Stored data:

>>>

Lemma jm_conj_adj (m m' : 'I_N) : val m' = (val m).+1 ->
  rho (tperm m m') * jm m * rho (tperm m m') = jm m'.
Proof.
move=> m'E; have [w_conj _ _] := tperm_adj_w m'E.
rewrite /jm mulrDr mulrDl w_conj mulrBl -(mulrA (w m')) rho_tpermK mulr1.
rewrite conj_tmul -addrA; congr (_ + _).
rewrite -mulrN -mulrDr; congr (_ * _).
rewrite /tail_transp mulr_sumr mulr_suml.
under eq_bigr => j _ do rewrite rho_tpermJ tpermL.
have mm' : (m < m')%N by rewrite m'E.
rewrite (bigD1 m') //= tpermR tpermC addrA addNr add0r.
apply: eq_big => j.
  case: (eqVneq j m') => [->|ne]; first by rewrite ltnn andbF.
  by rewrite andbT [in RHS]ltn_neqAle -m'E eq_sym ne.
move=> /andP[mj ne]; rewrite tpermD // eq_sym //.
by rewrite neq_ltn mj orbT.
Qed.

Lemma jm_conj (i j : 'I_N) : (i < j)%N ->
  rho (tperm i j) * jm i * rho (tperm i j) = jm j.
Proof.
move=> ij; have [n] : exists n, val j = (i + n.+1)%N
  by exists (j - i).-1; rewrite prednK ?subn_gt0 // subnKC // ltnW.
elim: n j ij => [|n IHn] j ij jE; first by apply: jm_conj_adj; rewrite jE addn1.
have j0_lt : (i + n.+1 < N)%N by rewrite -addnS -jE; exact: ltnW (ltn_ord j).
set j0 := Ordinal j0_lt.
have jE0 : val j = (val j0).+1 by rewrite jE /= addnS.
have ij0 : (i < j0)%N by rewrite /= addnS ltnS leq_addr.
have -> : tperm i j = (tperm i j0 ^ tperm j0 j)%g.
  by rewrite tpermJ tpermL tpermD // neq_ltn ?ij0 ?ij orbT.
rewrite conjgE tpermV !rhoM.
set s := rho (tperm j0 j); set r := rho (tperm i j0).
have -> : s * r * s * jm i * (s * r * s) = s * (r * (s * jm i * s) * r) * s.
  by rewrite !mulrA.
by rewrite jm_conj_adj_lt // IHn // jm_conj_adj.
Qed.

Lemma tperm_jm (i j : 'I_N) : (i < j)%N -> rho (tperm i j) * jm i = jm j * rho (tperm i j).
Proof. by move=> ij; rewrite -(jm_conj ij) -!mulrA rho_tpermK mulr1. Qed.

Definition lhs_prod (z : nat -> A) (l : nat) (i : 'I_N) : A :=
  \prod_(k < l) (w i - hb - z k.+1 + t * tail_transp i).

Hypothesis hhb : central hb.

Lemma tperm_lhs_prod z (hz : forall k, central (z k)) l (i j : 'I_N) : (i < j)%N ->
  rho (tperm i j) * lhs_prod z l i = lhs_prod z l j * rho (tperm i j).
Proof.
move=> ij; elim: l => [|l IHl]; first by rewrite /lhs_prod !big_ord0 mul1r mulr1.
rewrite /lhs_prod !big_ord_recr /= mulrA IHl -!mulrA; congr (_ * _).
have jmE m : w m - hb - z l.+1 + t * tail_transp m = jm m + (- hb - z l.+1).
  by rewrite /jm -!addrA; congr (_ + _); rewrite [RHS]addrC addrA.
have c_central : central (- hb - z l.+1).
  by move=> y; rewrite mulrBl mulrBr mulNr mulrN hhb hz.
by rewrite !jmE mulrDr mulrDl tperm_jm // c_central.
Qed.

Lemma lhs_prodS z (hz : forall k, central (z k)) l i :
  lhs_prod z l.+1 i
  = (w i - hb - z 1%N) * lhs_prod (fun k => z k.+1) l i
    + t * \sum_(j : 'I_N | (i < j)%N) lhs_prod (fun k => z k.+1) l j * rho (tperm i j).
Proof.
rewrite /lhs_prod big_ord_recl mulrDl -mulrA /tail_transp mulr_suml; congr (_ + t * _).
by apply: eq_bigr => j ij; exact: (tperm_lhs_prod (fun k => hz k.+1)).
Qed.

End JucysMurphy.

Lemma lhs_prod_eq_rhs_sum (A : algType Cfield) N (hb t : A) rho (X Xi w : 'I_N -> A)
    (H : Hgr_rels hb t rho X Xi w) (ht : central t) (hhb : central hb)
    l (z : nat -> A) (hz : forall k, central (z k)) (i : 'I_N) :
  lhs_prod hb t rho w z l i = rhs_sum hb t rho w z l i.
Proof.
elim: l z hz i => [|l IHl] z hz i; first by rewrite rhs_sum0 /lhs_prod big_ord0.
have hz' k : central (z k.+1) by apply: hz.
rewrite (lhs_prodS H) // rhs_sumS // IHl //; congr (_ + t * _).
by apply: eq_bigr => j _; rewrite IHl.
Qed.

Lemma zk_central (A : algType Cfield) l eps (hb : A) (c : nat -> A)
    (hhb : central hb) (hc : forall m, central (c m)) k :
  central (zk l eps hb c k).
Proof.
move=> y; rewrite /zk mulNr mulrN -scalerAl -scalerAr mulrDl mulrDr.
rewrite -mulrA hhb !mulrA mulr_natl mulr_natr mulr_suml mulr_sumr.
by congr (- (_ *: (_ + _))); apply: eq_bigr => m _; rewrite -scalerAl -scalerAr hc.
Qed.

Theorem lemma5p4 (A : algType Cfield) (N l : nat) (hl : (0 < l)%N)
  (eps : Cfield) (heps : l.-primitive_root eps)
  (hb t : A) (c : nat -> A)
  (hhb : central hb) (ht : central t) (hc : forall m, central (c m))
  (rho : {perm 'I_N} -> A) (X Xi w : 'I_N -> A)
  (H : Hgr_rels hb t rho X Xi w) (i : 'I_N) :
  let z := zk l eps hb c in
  \prod_(k < l) (w i - hb - z k.+1 + t * \sum_(j : 'I_N | (i < j)%N) rho (tperm i j))
  = \sum_(p < l.+1) t ^+ p *
      \sum_(ks : p.-tuple 'I_l | sorted ltn [seq val k | k <- ks])
        \sum_(is_ : p.-tuple 'I_N | sorted ltn [seq val j | j <- i :: is_])
          rhs_term hb z rho w i ks is_.
Proof. exact: lhs_prod_eq_rhs_sum H ht hhb l _ (zk_central l eps hhb hc) i. Qed.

<<<

* Work instructions
The required output is the entries from their opening line through the line holding "apply: eq_big => j.", repeated exactly, with both end lines kept.

* Written reply
Lemma jm_conj_adj (m m' : 'I_N) : val m' = (val m).+1 ->
  rho (tperm m m') * jm m * rho (tperm m m') = jm m'.
Proof.
move=> m'E; have [w_conj _ _] := tperm_adj_w m'E.
rewrite /jm mulrDr mulrDl w_conj mulrBl -(mulrA (w m')) rho_tpermK mulr1.
rewrite conj_tmul -addrA; congr (_ + _).
rewrite -mulrN -mulrDr; congr (_ * _).
rewrite /tail_transp mulr_sumr mulr_suml.
under eq_bigr => j _ do rewrite rho_tpermJ tpermL.
have mm' : (m < m')%N by rewrite m'E.
rewrite (bigD1 m') //= tpermR tpermC addrA addNr add0r.
apply: eq_big => j.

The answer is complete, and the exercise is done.